Qui sont-ils, ces « daltoniens » dont le nombre est peut-être ainsi sous-évalué ? Je vous l’explique. Un daltonisme nouveau fait des ravages – et non pas au hasard – dans la population de notre pays, mais sa propagation ne s’arrêtera pas à nos frontières. Cette maladie consiste en une sorte d’incapacité du sujet atteint à percevoir la couleur blanche. Les spécialistes ne sont pas encore parvenus à déterminer si c’est l’œil qui perd l’aptitude à voir le blanc ou si c’est plutôt le cerveau qui se révèle incapable de décoder l’information fournie.
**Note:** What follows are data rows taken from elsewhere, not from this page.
(* Let $V$ be a finite set and let $A$ be a real symmetric matrix indexed by $V$. Consider the statements: (i) $A$ has a perfect elimination ordering; (ii) $A$ has no weighted chordless cycle; (iii) every level graph of $A$ is chordal. Then (i) implies (ii), and (ii) implies (iii).
   Context: A perfect elimination ordering of $A$ is a linear order $\pi$ of $V$ with $A_{yz}\ge\min\{A_{xy},A_{xz}\}$ for all $x<_\pi y<_\pi z$. A walk $W=(v_0,\dots,v_p)$ of elements of $V$ is weighted chordless in $A$ if $A_{v_{i-1}v_{i+1}}<\min\{A_{v_{i-1}v_i},A_{v_{i+1}v_i}\}$ for $1\le i\le p-1$; it is a weighted chordless cycle if in addition $v_0=v_p$, the elements $v_0,\dots,v_{p-1}$ are distinct, and $A_{v_{p-1}v_1}<\min\{A_{v_{p-1}v_0},A_{v_0v_1}\}$. If $\alpha_0<\dots<\alpha_L$ are the distinct values of the entries of $A$, the level graph $G_\ell$ is the graph on $V$ with edges the pairs $\{x,y\}$ with $A_{xy}\ge\alpha_\ell$. A graph is chordal if it contains no chordless (induced) cycle of length at least 4. *)

From mathcomp Require Import all_boot all_order all_algebra.
Set Implicit Arguments. Unset Strict Implicit. Unset Printing Implicit Defensive.
Import Order.TTheory GRing.Theory Num.Theory.
Local Open Scope ring_scope.

Section Defs.
Variables (R : realFieldType) (V : finType).

Definition symmetric_mx (A : V -> V -> R) : Prop := forall x y, A x y = A y x.

(* A linear order pi of V is encoded as a duplicate-free enumeration s of V
   (perm_eq s (enum V)); x <_pi y iff index x s < index y s. *)
Definition perfect_elimination_ordering (A : V -> V -> R) (s : seq V) : Prop :=
  perm_eq s (enum V) /\
  forall x y z, (index x s < index y s)%N -> (index y s < index z s)%N ->
    Num.min (A x y) (A x z) <= A y z.

Definition has_peo (A : V -> V -> R) : Prop :=
  exists s : seq V, perfect_elimination_ordering A s.

(* W = [:: v_0; ...; v_p], p = (size W).-1 *)
Definition weighted_chordless_walk (A : V -> V -> R) (W : seq V) : Prop :=
  forall (x0 : V) (i : nat), (0 < i)%N -> (i < (size W).-1)%N ->
    A (nth x0 W i.-1) (nth x0 W i.+1)
      < Num.min (A (nth x0 W i.-1) (nth x0 W i)) (A (nth x0 W i.+1) (nth x0 W i)).

Definition weighted_chordless_cycle (A : V -> V -> R) (W : seq V) : Prop :=
  let p := (size W).-1 in
  (3 <= p)%N /\ weighted_chordless_walk A W /\
  forall x0 : V,
    nth x0 W 0 = nth x0 W p /\ uniq (take p W) /\
    A (nth x0 W p.-1) (nth x0 W 1)
      < Num.min (A (nth x0 W p.-1) (nth x0 W 0)) (A (nth x0 W 0) (nth x0 W 1)).

Definition level_graph (A : V -> V -> R) (alpha : R) : rel V :=
  fun x y => (x != y) && (alpha <= A x y).

Definition chordless_cycle (e : rel V) (c : seq V) : Prop :=
  let k := size c in
  (4 <= k)%N /\ uniq c /\
  forall (x0 : V) (i j : nat), (i < k)%N -> (j < k)%N -> i != j ->
    e (nth x0 c i) (nth x0 c j) = ((i.+1 %% k)%N == j) || ((j.+1 %% k)%N == i).

Definition chordal (e : rel V) : Prop := forall c : seq V, ~ chordless_cycle e c.

End Defs.

(* (i) => (ii): on a weighted chordless cycle, let x be the vertex that comes
   first in a perfect elimination ordering.  Its two cycle neighbours y, z come
   later, so the ordering gives A y z >= min (A x y) (A x z), which is exactly
   the chord that chordlessness at x forbids.
   (ii) => (iii): a chordless cycle of length >= 4 in the level graph for alpha
   is a weighted chordless cycle, because cyclically consecutive vertices carry
   entries >= alpha while vertices two apart are non-adjacent and so carry
   entries < alpha.
   Both steps use that a weighted chordless cycle v_0 ... v_p = v_0 is the same
   thing as a duplicate-free cyclic sequence in which every three cyclically
   consecutive vertices form a chordless triple. *)

From mathcomp Require Import all_boot all_order all_algebra.
From mathcomp Require Import zify.
Import Order.TTheory GRing.Theory Num.Theory.
Set Implicit Arguments.
Unset Strict Implicit.
Unset Printing Implicit Defensive.

Local Open Scope ring_scope.

Section CyclicIndex.
Variables (T : eqType) (x0 : T) (c : seq T).
Local Notation k := (size c).
Local Notation cnth i := (nth x0 c (i %% k)).

Lemma mem_cnth i : (0 < k)%N -> cnth i \in c.
Proof. by move=> k_gt0; rewrite mem_nth ?ltn_pmod. Qed.

Lemma eq_cnthD i a b : uniq c -> (a < k)%N -> (b < k)%N ->
  (cnth (i + a) == cnth (i + b)) = (a == b).
Proof.
move=> uc ak bk; have k_gt0 : (0 < k)%N by lia.
by rewrite nth_uniq ?ltn_pmod // eqn_modDl !modn_small.
Qed.

Lemma cnth_modD i a : cnth (i %% k + a) = cnth (i + a).
Proof. by rewrite modnDml. Qed.

Lemma nth_rcons_cnth y i : (0 < k)%N -> (i <= k)%N ->
  nth y (rcons c (nth x0 c 0)) i = cnth i.
Proof.
move=> k_gt0; rewrite leq_eqVlt nth_rcons => /orP[/eqP->|ik].
  by rewrite ltnn eqxx modnn.
by rewrite ik modn_small // (set_nth_default x0).
Qed.

End CyclicIndex.

Section Cycles.
Variables (R : realFieldType) (V : finType) (A : V -> V -> R) (x0 : V).
Hypothesis symA : symmetric_mx A.
Local Notation cnth c i := (nth x0 c (i %% size c)).

Lemma chordless_cycle_adj (e : rel V) c i a : chordless_cycle e c ->
  (0 < a < size c)%N ->
  e (cnth c i) (cnth c (i + a)) = (a == 1%N) || (a == (size c).-1).
Proof.
move=> [k4 [uc adj]] /andP[a_gt0 ak]; have k_gt0 : (0 < size c)%N by lia.
have eq_modD0 n : (i + n == i %[mod size c]) = (n == 0 %[mod size c]).
  by rewrite -{2}[i]addn0 eqn_modDl.
rewrite adj ?ltn_pmod //; last by rewrite eq_sym eq_modD0 mod0n modn_small; lia.
rewrite -[((i %% size c).+1)%N]addn1 -[(((i + a) %% size c).+1)%N]addn1.
rewrite !modnDml -addnA.
rewrite eqn_modDl eq_modD0 mod0n (modn_small ak) modn_small; last lia.
rewrite [(1 == a)%N]eq_sym; congr (_ || _).
have [a1k|a1k] := eqVneq a.+1 (size c).
  by rewrite addn1 a1k modnn -a1k /= !eqxx.
by rewrite addn1 modn_small; lia.
Qed.

Definition chordless_triple (x y z : V) : bool :=
  A x z < Num.min (A x y) (A z y).

Definition cyclically_chordless (c : seq V) : Prop :=
  forall i, chordless_triple (cnth c i) (cnth c (i + 1)) (cnth c (i + 2)).

Lemma weighted_chordless_cycle_rconsP c : uniq c -> (3 <= size c)%N ->
  weighted_chordless_cycle A (rcons c (nth x0 c 0)) <-> cyclically_chordless c.
Proof.
move=> uc k3; have k_gt0 : (0 < size c)%N by lia.
rewrite /weighted_chordless_cycle /weighted_chordless_walk size_rcons /=.
have nW y i : (i <= size c)%N -> nth y (rcons c (nth x0 c 0)) i = cnth c i.
  exact: nth_rcons_cnth.
have tri_last : chordless_triple (cnth c (size c).-1) (cnth c ((size c).-1 + 1))
    (cnth c ((size c).-1 + 2)) = (A (cnth c (size c).-1) (cnth c 1)
    < Num.min (A (cnth c (size c).-1) (nth x0 c 0))
              (A (nth x0 c 0) (cnth c 1))).
  rewrite /chordless_triple addn1 addn2 prednK // -addn1 modnDl modnn.
  by rewrite (symA (cnth c 1)).
split.
- move=> [_ [walk cyc]] i.
  suff tri_lt j : (j < size c)%N ->
      chordless_triple (cnth c j) (cnth c (j + 1)) (cnth c (j + 2)).
    by have := tri_lt _ (ltn_pmod i k_gt0); rewrite !cnth_modD modn_mod.
  move=> jk; have [j1k|kj1] := ltnP j.+1 (size c).
    by have := walk x0 j.+1 isT j1k; rewrite !nW ?addn1 ?addn2 //; lia.
  have [_ [_ last]] := cyc x0; rewrite !nW ?leq_pred // mod0n in last.
  have -> : j = (size c).-1 by lia.
  by rewrite tri_last.
- move=> tri; split=> //; split.
    move=> y [|i] // _ ik; have ik1 := ltnW ik; have ik2 := ltnW ik1.
    rewrite !nW //=.
    by have := tri i; rewrite addn1 addn2.
  move=> y; rewrite !nW ?leq_pred // modnn mod0n; split=> //; split.
    by rewrite -cats1 take_size_cat.
  by rewrite -tri_last tri.
Qed.

Lemma weighted_chordless_cycle_rcons W : weighted_chordless_cycle A W ->
  exists2 c, W = rcons c (nth x0 c 0) & uniq c /\ (3 <= size c)%N.
Proof.
move=> [p3 [_ cyc]]; have [W0p [uc _]] := cyc x0.
have pW : ((size W).-1 < size W)%N by case: (W) p3.
exists (take (size W).-1 W); last by rewrite size_takel ?(ltnW pW).
rewrite nth_take ?W0p; last exact: ltnW (ltnW p3).
by rewrite -(take_nth x0 pW) prednK ?take_size //; case: (W) p3.
Qed.

Lemma peo_mem s v : perfect_elimination_ordering A s -> v \in s.
Proof. by move=> [sV _]; rewrite (perm_mem sV) mem_enum. Qed.

Lemma peo_simplicial s x y z : perfect_elimination_ordering A s ->
  (index x s < index y s)%N -> (index x s < index z s)%N -> y != z ->
  Num.min (A y x) (A z x) <= A y z.
Proof.
move=> peo_s xy xz yz; have [_ peo] := peo_s; rewrite (symA y) (symA z).
have [y_z|z_y|e] := ltngtP (index y s) (index z s).
- exact: peo.
- by rewrite minC (symA y); apply: peo.
- by rewrite (index_inj y (peo_mem y peo_s) (peo_mem z peo_s) e) eqxx in yz.
Qed.

Lemma peo_not_cyclically_chordless s c : perfect_elimination_ordering A s ->
  uniq c -> (3 <= size c)%N -> ~ cyclically_chordless c.
Proof.
move=> peo uc k3 tri; have k_gt0 : (0 < size c)%N := ltnW (ltnW k3).
have [x xc xmin] :=
  @arg_minnP _ _ (fun v => v \in c) (index^~ s) (mem_nth x0 k_gt0).
pose j := index x c + (size c).-1.
have xj : cnth c (j + 1) = x.
  by rewrite -addnA addn1 prednK // modnDr modn_small ?index_mem // nth_index.
have after_x v : v \in c -> v != x -> (index x s < index v s)%N.
  move=> vc vx; rewrite ltn_neqAle xmin // andbT.
  apply: contra vx => /eqP/(index_inj x (peo_mem x peo) (peo_mem v peo)) ->.
  exact: eqxx.
have neq a b : (a < 3)%N -> (b < 3)%N -> a != b ->
    cnth c (j + a) != cnth c (j + b).
  by move=> a3 b3 ab; rewrite eq_cnthD ?(leq_trans a3 k3) ?(leq_trans b3 k3).
have := tri j; rewrite /chordless_triple xj ltNge => /negP; apply.
have := neq 0%N 1%N isT isT isT; have := neq 2%N 1%N isT isT isT.
have := neq 0%N 2%N isT isT isT; rewrite addn0 xj => yz zx yx.
apply: peo_simplicial peo (after_x _ _ yx) (after_x _ _ zx) yz;
  exact: mem_cnth.
Qed.

Lemma level_chordless_cycle_cyclically_chordless alpha c :
  chordless_cycle (level_graph A alpha) c -> cyclically_chordless c.
Proof.
move=> cc i; have [k4 [uc _]] := cc.
have edge j : alpha <= A (cnth c j) (cnth c (j + 1)).
  have a1 : (0 < 1 < size c)%N by lia.
  by have := chordless_cycle_adj j cc a1; rewrite eqxx => /andP[].
have nonedge : A (cnth c i) (cnth c (i + 2)) < alpha.
  have a2 : (0 < 2 < size c)%N by lia.
  have := chordless_cycle_adj i cc a2.
  have k2 : (2 == (size c).-1) = false by lia.
  rewrite /level_graph -{1}[i]addn0 eq_cnthD ?k2 //=; try lia.
  by rewrite ltNge => /negbT.
rewrite /chordless_triple lt_min (lt_le_trans nonedge (edge i)).
rewrite (symA (cnth c (i + 2))).
by rewrite (lt_le_trans nonedge) // -[2%N]/(1 + 1)%N addnA edge.
Qed.

End Cycles.

Theorem lemma4 (R : realFieldType) (V : finType) (A : V -> V -> R) :
  symmetric_mx A ->
  (has_peo A -> forall W : seq V, ~ weighted_chordless_cycle A W) /\
  ((forall W : seq V, ~ weighted_chordless_cycle A W) ->
     forall alpha : R, (exists x y, A x y = alpha) -> chordal (level_graph A alpha)).
Proof.
move=> symA; split.
  move=> [s peo] W wcc.
  have [x0 _] : exists x0 : V, x0 \in W.
    by case: W wcc => [[]|x0 W] //; exists x0; rewrite mem_head.
  have [c eW [uc k3]] := weighted_chordless_cycle_rcons x0 wcc.
  move: wcc; rewrite eW => /(weighted_chordless_cycle_rconsP x0 symA uc k3).
  exact: peo_not_cyclically_chordless peo uc k3.
move=> no_wcc alpha _ c cc; have [k4 [uc _]] := cc.
have [x0 _] : exists x0 : V, x0 \in c.
  by case: c k4 {cc uc} => // x0 c; exists x0; rewrite mem_head.
apply: (no_wcc (rcons c (nth x0 c 0))).
apply/(weighted_chordless_cycle_rconsP x0 symA uc (ltnW k4)).
exact: level_chordless_cycle_cyclically_chordless cc.
Qed.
Quoi qu’il en soit, vous comprenez aisément la grande difficulté où vont se débattre les daltoniens nouveaux depuis que, par un certain dimanche récent d’octobre 96, le blanc est devenue la couleur de prédilection du plus grand nombre des Belges.
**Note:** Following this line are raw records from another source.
(* Let $\mathbb{F}$ be the field of order $q$ ($q$ a prime power), and let $S\subset\mathbb{F}^\times$ be such that for all distinct $i,j\in S$ we have $i+j\neq0$ and $ij\neq-1$. For $i\in S$ let $$Z_i=\left[\begin{array}{ccc}1&0&0\\0&1&1\\ i&1&0\\ 0&i^{-1}&i\end{array}\right]$$ (the sudoku flag with datum $\Gamma_i=\begin{pmatrix}i&1\\0&i^{-1}\end{pmatrix}$, $\beta_i=i$). Then each $Z_i$ is a sudoku flag, and if $M_i$ is a sudoku solution generated by $Z_i$ for each $i\in S$, the collection $\{M_i\mid i\in S\}$ is a strongly orthogonal collection of sudoku solutions of order $q^2$ of size $|S|$.
   Context: Locations of a sudoku solution of order $q^2$ are identified with $(x_1,x_2,x_3,x_4)\in\mathbb{F}^4$: $x_1$ large row, $x_2$ row within the large row, $x_3$ large column, $x_4$ column within the large column; rows, columns and subsquares are the sets of locations with fixed $(x_1,x_2)$, $(x_3,x_4)$, $(x_1,x_3)$ respectively. A sudoku solution of order $q^2$ assigns symbols $\{0,\dots,q^2-1\}$ to locations so that each symbol occurs exactly once in every row, column and subsquare; two are orthogonal if upon superimposition each ordered pair of symbols occurs exactly once. Each symbol is $x=b_qq+b_1$ with radix digit $b_q$ and units digit $b_1$ in $\{0,\dots,q-1\}$; fix a bijection $\mathbb{F}\leftrightarrow\{0,\dots,q-1\}$ to record coordinates. A flag is a pair $(g,V)$ of subspaces of $\mathbb{F}^4$ with $\dim g=2$, $\dim V=3$, $g\subset V$; the notation $[v_1\ v_2\ v_3]$ (a $4\times3$ matrix with columns $v_1,v_2,v_3$) denotes $g=\langle v_1,v_2\rangle$, $V=\langle v_1,v_2,v_3\rangle$. It is a sudoku flag if every coset of $g$ meets every row, column and subsquare in exactly one location. A sudoku solution generated by a sudoku flag $(g,V)$ is a sudoku solution of order $q^2$ in which each coset of $g$ is exactly the set of locations of one symbol and each coset of $V$ is exactly the set of locations whose symbols have one given radix digit. An ordered orthogonal array $\mathrm{OOA}(4,s,2,v)$ is a $2s\times v^4$ array over an alphabet of size $v$ with rows labeled $(i,j)$, $1\le i\le s$, $j\in\{1,2\}$, such that for every top-justified set $T$ of $4$ rows ($(i,2)\in T\Rightarrow(i,1)\in T$) the subarray on the rows of $T$ contains each $4$-tuple exactly once as a column. For sudoku solutions $M_1,\dots,M_{m}$ of order $q^2$, the associated array is the $2(m+2)\times q^4$ array with one column per location $(x_1,x_2,x_3,x_4)$, with entries $x_1,x_2,x_3,x_4$ in rows $(1,1),(1,2),(2,1),(2,2)$ and the radix and units digits of the symbol of $M_k$ at that location in rows $(k+2,1),(k+2,2)$. A family of $m$ mutually orthogonal sudoku solutions is strongly orthogonal if its associated array is an $\mathrm{OOA}(4,m+2,2,q)$. *)

From HB Require Import structures.
From mathcomp Require Import all_boot all_order all_algebra.
Set Implicit Arguments. Unset Strict Implicit. Unset Printing Implicit Defensive.
Import GRing.Theory.
Local Open Scope ring_scope.

(* Coordinates of a location x : 'rV[F]_4 are x c0, x c1, x c2, x c3,
   i.e. x_1 (large row), x_2 (row in large row), x_3 (large column),
   x_4 (column in large column). *)
Definition c0 : 'I_4 := @Ordinal 4 0 isT.
Definition c1 : 'I_4 := @Ordinal 4 1 isT.
Definition c2 : 'I_4 := @Ordinal 4 2 isT.
Definition c3 : 'I_4 := @Ordinal 4 3 isT.

Definition in_coset (F : fieldType) (m : nat) (A : 'M[F]_(m, 4)) (x y : 'rV[F]_4) : bool :=
  ((y - x) <= A)%MS.

Definition sudoku_flag (F : finFieldType) (m1 m2 : nat)
  (g : 'M[F]_(m1, 4)) (V : 'M[F]_(m2, 4)) : Prop :=
  [/\ \rank g = 2%N, \rank V = 3%N, (g <= V)%MS &
   forall (x : 'rV[F]_4) (a b : F),
     [/\ #|[set y : 'rV[F]_4 | in_coset g x y & (y ord0 c0 == a) && (y ord0 c1 == b)]| = 1%N,
         #|[set y : 'rV[F]_4 | in_coset g x y & (y ord0 c2 == a) && (y ord0 c3 == b)]| = 1%N &
         #|[set y : 'rV[F]_4 | in_coset g x y & (y ord0 c0 == a) && (y ord0 c2 == b)]| = 1%N]].

Definition sudoku_solution (F : finFieldType) (M : 'rV[F]_4 -> 'I_(#|F| ^ 2)) : Prop :=
  forall (a b : F) (s : 'I_(#|F| ^ 2)),
    [/\ #|[set y : 'rV[F]_4 | (y ord0 c0 == a) && (y ord0 c1 == b) && (M y == s)]| = 1%N,
        #|[set y : 'rV[F]_4 | (y ord0 c2 == a) && (y ord0 c3 == b) && (M y == s)]| = 1%N &
        #|[set y : 'rV[F]_4 | (y ord0 c0 == a) && (y ord0 c2 == b) && (M y == s)]| = 1%N].

Definition radix (F : finType) (s : 'I_(#|F| ^ 2)) : nat := (s %/ #|F|)%N.
Definition units (F : finType) (s : 'I_(#|F| ^ 2)) : nat := (s %% #|F|)%N.

Definition generated_by (F : finFieldType) (m1 m2 : nat)
  (g : 'M[F]_(m1, 4)) (V : 'M[F]_(m2, 4)) (M : 'rV[F]_4 -> 'I_(#|F| ^ 2)) : Prop :=
  [/\ sudoku_solution M,
      (forall x : 'rV[F]_4, exists s : 'I_(#|F| ^ 2),
          [set y : 'rV[F]_4 | in_coset g x y] = [set y : 'rV[F]_4 | M y == s]) &
      (forall x : 'rV[F]_4, exists d : nat,
          [set y : 'rV[F]_4 | in_coset V x y] = [set y : 'rV[F]_4 | radix (M y) == d])].

Definition orthogonal (F : finFieldType) (M1 M2 : 'rV[F]_4 -> 'I_(#|F| ^ 2)) : Prop :=
  forall s t : 'I_(#|F| ^ 2), #|[set y : 'rV[F]_4 | (M1 y == s) && (M2 y == t)]| = 1%N.

(* Ordered orthogonal array OOA(4, s, 2, v): rows labelled (i, j), i : 'I_s,
   j : 'I_2 (j = 0 is "1", j = 1 is "2"), columns indexed by C. *)
Definition OOA4 (s v : nat) (C : finType) (A : 'I_s -> 'I_2 -> C -> nat) : Prop :=
  [/\ #|C| = (v ^ 4)%N,
      (forall i j c, A i j c < v)%N &
      forall T : {set 'I_s * 'I_2}, #|T| = 4%N ->
        (forall i, (i, ord_max) \in T -> (i, ord0) \in T) ->
        forall f : 'I_s -> 'I_2 -> 'I_v,
          #|[set c | [forall r in T, A r.1 r.2 c == f r.1 r.2]]| = 1%N].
Imaginez que l’affection frappe certains mandataires politiques. Bien qu’un vaccin existe, aucun d’entre eux, d’après les renseignements dont je dispose, n’avait décidé de s’y soumettre. Les conséquences pourraient être de prendre aujourd’hui des décisions d’hier, c’est-à-dire conçues et préparées avant la date clef du 20 octobre, lorsque le blanc a manifesté la force de l’humain en marche. Par daltonisme, des parlementaires risqueraient de voter, presque par mégarde, la restriction des subsides aux CPAS des petites communes.
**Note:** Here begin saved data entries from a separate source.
(* Let $q>1$. For all $m\in\mathbb{N}\cup\{0\}$, $n\in\mathbb{N}$ and $z\in\mathbb{C}$, \[U_{n,q}(e_{m+1};z)=\frac{q^m z(1-z)}{[n+m]_q}D_qU_{n,q}(e_m;z)+\frac{q^m[n]_qz+[m]_q}{[n+m]_q}U_{n,q}(e_m;z).\]
   Context: For an integer $n\ge 0$ and $p>0$: $[n]_p=1+p+\dots+p^{n-1}$ ($[0]_p=0$), $[n]_p!=[1]_p\cdots[n]_p$ ($[0]_p!=1$), $\left[\begin{smallmatrix}n\\k\end{smallmatrix}\right]_p=\frac{[n]_p!}{[k]_p![n-k]_p!}$. For $z\in\mathbb{C}$, $(1-z)_p^n=\prod_{s=0}^{n-1}(1-p^s z)$ and $p_{n,k}(p;z)=\left[\begin{smallmatrix}n\\k\end{smallmatrix}\right]_p z^k(1-z)_p^{n-k}$. For $0<p<1$, $\int_0^1 g(t)\,d_pt=(1-p)\sum_{j=0}^\infty g(p^j)p^j$. For $q>1$, $n\in\mathbb{N}$ and $f:[0,1]\to\mathbb{C}$, \[U_{n,q}(f;z)=f(0)p_{n,0}(q;z)+f(1)p_{n,n}(q;z)+[n-1]_{q^{-1}}\sum_{k=1}^{n-1}q^{k-1}p_{n,k}(q;z)\int_0^1 p_{n-2,k-1}(q^{-1};q^{-1}t)\,f(q^{k-n}t)\,d_{q^{-1}}t\] (sum empty for $n=1$). $e_m(t)=t^m$. $D_qg(z)=\frac{g(qz)-g(z)}{(q-1)z}$ for $z\neq0$ and $D_qg(0)=g'(0)$. *)

From Stdlib Require Import Reals ClassicalDescription ClassicalEpsilon.
From Coquelicot Require Import Coquelicot.
Open Scope R_scope.

Fixpoint qint (n : nat) (p : R) : R :=
  match n with O => 0 | S k => qint k p + p ^ k end.

Fixpoint qfact (n : nat) (p : R) : R :=
  match n with O => 1 | S k => qfact k p * qint (S k) p end.

(* Gaussian binomial [n k]_p  (only used with k <= n) *)
Definition qbinom (n k : nat) (p : R) : R :=
  qfact n p / (qfact k p * qfact (n - k) p).

Fixpoint cpow (z : C) (n : nat) : C :=
  match n with O => RtoC 1 | S k => Cmult (cpow z k) z end.

Fixpoint qpoch (z : C) (p : R) (n : nat) : C :=
  match n with
  | O => RtoC 1
  | S k => Cmult (qpoch z p k) (Cminus (RtoC 1) (Cmult (RtoC (p ^ k)) z))
  end.

Definition pnk (n k : nat) (p : R) (z : C) : C :=
  Cmult (Cmult (RtoC (qbinom n k p)) (cpow z k)) (qpoch z p (n - k)).

(* Jackson q-integral on [0,1] for 0 < p < 1 of a complex-valued function:
   (1-p) * sum_{j>=0} g(p^j) p^j, taken componentwise (real/imag parts). *)
Definition qintegral01 (p : R) (g : R -> C) : C :=
  Cmult (RtoC (1 - p))
    (Series (fun j => Re (g (p ^ j)) * p ^ j),
     Series (fun j => Im (g (p ^ j)) * p ^ j)).

Definition Unq (n : nat) (q : R) (f : R -> C) (z : C) : C :=
  Cplus (Cplus (Cmult (f 0) (pnk n 0 q z)) (Cmult (f 1) (pnk n n q z)))
   (Cmult (RtoC (qint (n - 1) (/ q)))
     (sum_n_m (fun k =>
        Cmult (Cmult (RtoC (q ^ (k - 1))) (pnk n k q z))
          (qintegral01 (/ q)
             (fun t => Cmult (pnk (n - 2) (k - 1) (/ q) (RtoC (/ q * t)))
                             (f (powerRZ q (Z.of_nat k - Z.of_nat n)%Z * t)))))
        1 (n - 1))).

Definition em (m : nat) : R -> C := fun t => RtoC (t ^ m).

(* complex derivative at a point (chosen value; unique when it exists) *)
Definition cderiv (g : C -> C) (z : C) : C :=
  epsilon (inhabits (RtoC 0))
    (fun l => @is_derive C_AbsRing C_NormedModule g z l).

Definition Dq (q : R) (g : C -> C) (z : C) : C :=
  if excluded_middle_informative (z = RtoC 0) then cderiv g (RtoC 0)
  else Cdiv (Cminus (g (Cmult (RtoC q) z)) (g z)) (Cmult (RtoC (q - 1)) z).

From Stdlib Require Import Reals Lra Lia.
From Coquelicot Require Import Coquelicot.
Open Scope R_scope.

(* Expanding the Jackson integrals, U_{n,q}(e_m) = sum_k w_{m,k} p_{n,k}(q;z) with
   weights given by q-Beta sums, and the q-Beta recursion gives
   [n+m]_q w_{m+1,k} = [k+m]_q w_{m,k} = ([m]_q + q^m [k]_q) w_{m,k}.
   The basis polynomials satisfy
   (1 - z)(p_{n,k}(qz) - p_{n,k}(z)) = (q - 1)([k]_q - [n]_q z) p_{n,k}(z),
   which turns sum_k [k]_q w_{m,k} p_{n,k} into a combination of D_q U_{n,q}(e_m)
   and z U_{n,q}(e_m).  At z = 0 the D_q term carries a factor z. *)

Lemma pow_unit_interval x c : 0 <= x <= 1 -> 0 <= x ^ c <= 1.
Proof. intros H; induction c; simpl; nra. Qed.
Autre exemple. Savez-vous comment la Communauté Française de Belgique compte bientôt « aider la jeunesse » (c’est l’étiquette officielle), assurer les droits de tous les enfants de notre pays, spécialement de ceux que leur environnement familial met en péril ? Vous l’avez sans doute déjà lu ou entendu : le budget consacré au secteur de l’hébergement, au placement des enfants en situation critique, sera raboté de 340 millions. Cette économie d’humanité équivaut à une perte de quelque 300 lits et de 215 emplois, alors qu’actuellement, les demandes de placement par les Conseillers de l’Aide à la Jeunesse ne peuvent être toutes rencontrées. Et des coupes sombres semblables ont déjà été pratiquées ou se profilent dans d’autres institutions d’accueil pour les handicapés ou les personnes en situation sociale précaire (entre autres, les hôtels maternels). Le rapport entre ces domaines d’intervention de l’État et la demande d’une priorité accordée à l’humain est-il imperceptible ?
Les décideurs oseront-ils étaler, si j’ose dire, aux yeux de tous leur daltonisme ? Ou emboîteront-ils le pas au Premier Ministre – espérons que celui-ci passera aux actes et ira jusqu’au bout de sa logique nouvelle – et transformeront-ils en priorités absolues leurs cibles budgétaires d’avant le 20 octobre ?
Toujours est-il que le citoyen, dont la capacité de critique positive paraît de plus en plus aiguë, va disposer très vite d’éléments sûrs de diagnostic : il ne laissera à personne d’autre le soin de repérer, d’un œil vigilant et sûr, les daltoniens. Tout respectables et pitoyables que soient ces derniers, il faudra les aider à se recycler, à trouver une occupation en dehors du secteur politique. Il leur faut un environnement de travail où la perception du blanc n’est pas requise.
Texte inédit, écrit peu de temps après la marche blanche du 20 octobre 1996, qui mettait en cause les pouvoirs publics et leur reprochait leur incapacité à traiter les vrais problèmes, à force de prétexter les économies soi-disant indispensables.